§ **WHAT YOU ARE ASKED TO DO**
Return the listing in full. Keep each line exactly as it is.
-*-
(* A functor F : B^alpha -> C, alpha : 'I_m -> bool (true = '+',       *)
(* false = '-').  An object of B^alpha is a tuple A : 'I_m -> Ob B; a  *)
(* morphism is a tuple f : 'I_m -> Mor B, where a contravariant entry  *)
(* f p : X -> Y of B is a morphism Y -> X of B^op.                      *)
Record mfunctor (B C : category) (m : nat) (alpha : 'I_m -> bool) := MFunctor {
  fob : ('I_m -> cOb B) -> cOb C;
  fmor : ('I_m -> cMor B) -> cMor C;
  fmor_dom : forall f : 'I_m -> cMor B,
    cdom (fmor f) = fob (fun p => if alpha p then cdom (f p) else ccod (f p));
  fmor_cod : forall f : 'I_m -> cMor B,
    ccod (fmor f) = fob (fun p => if alpha p then ccod (f p) else cdom (f p));
  fmor_id : forall A : 'I_m -> cOb B, fmor (fun p => cid (A p)) = cid (fob A);
  fmor_comp : forall g f : 'I_m -> cMor B,
    (forall p, if alpha p then ccod (f p) = cdom (g p)
               else ccod (g p) = cdom (f p)) ->
    fmor (fun p => if alpha p then ccomp (g p) (f p) else ccomp (f p) (g p))
    = ccomp (fmor g) (fmor f)
}.

Record mtrans (B C : category) (m1 m2 n : nat) (alpha1 : 'I_m1 -> bool)
    (alpha2 : 'I_m2 -> bool) (F : mfunctor B C alpha1) (G : mfunctor B C alpha2)
    (sigma : 'I_m1 -> 'I_n) (tau : 'I_m2 -> 'I_n) := MTrans {
  tcomp : ('I_n -> cOb B) -> cMor C;
  tcomp_dom : forall A, cdom (tcomp A) = fob F (fun p => A (sigma p));
  tcomp_cod : forall A, ccod (tcomp A) = fob G (fun q => A (tau q))
}.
-*-
§ **YOUR RESPONSE**
(* A functor F : B^alpha -> C, alpha : 'I_m -> bool (true = '+',       *)
(* false = '-').  An object of B^alpha is a tuple A : 'I_m -> Ob B; a  *)
(* morphism is a tuple f : 'I_m -> Mor B, where a contravariant entry  *)
(* f p : X -> Y of B is a morphism Y -> X of B^op.                      *)
Record mfunctor (B C : category) (m : nat) (alpha : 'I_m -> bool) := MFunctor {
  fob : ('I_m -> cOb B) -> cOb C;
  fmor : ('I_m -> cMor B) -> cMor C;
  fmor_dom : forall f : 'I_m -> cMor B,
    cdom (fmor f) = fob (fun p => if alpha p then cdom (f p) else ccod (f p));
  fmor_cod : forall f : 'I_m -> cMor B,
    ccod (fmor f) = fob (fun p => if alpha p then ccod (f p) else cdom (f p));
  fmor_id : forall A : 'I_m -> cOb B, fmor (fun p => cid (A p)) = cid (fob A);
  fmor_comp : forall g f : 'I_m -> cMor B,
    (forall p, if alpha p then ccod (f p) = cdom (g p)
               else ccod (g p) = cdom (f p)) ->
    fmor (fun p => if alpha p then ccomp (g p) (f p) else ccomp (f p) (g p))
    = ccomp (fmor g) (fmor f)
}.

Record mtrans (B C : category) (m1 m2 n : nat) (alpha1 : 'I_m1 -> bool)
    (alpha2 : 'I_m2 -> bool) (F : mfunctor B C alpha1) (G : mfunctor B C alpha2)
    (sigma : 'I_m1 -> 'I_n) (tau : 'I_m2 -> 'I_n) := MTrans {
  tcomp : ('I_n -> cOb B) -> cMor C;
  tcomp_dom : forall A, cdom (tcomp A) = fob F (fun p => A (sigma p));
  tcomp_cod : forall A, ccod (tcomp A) = fob G (fun q => A (tau q))
}.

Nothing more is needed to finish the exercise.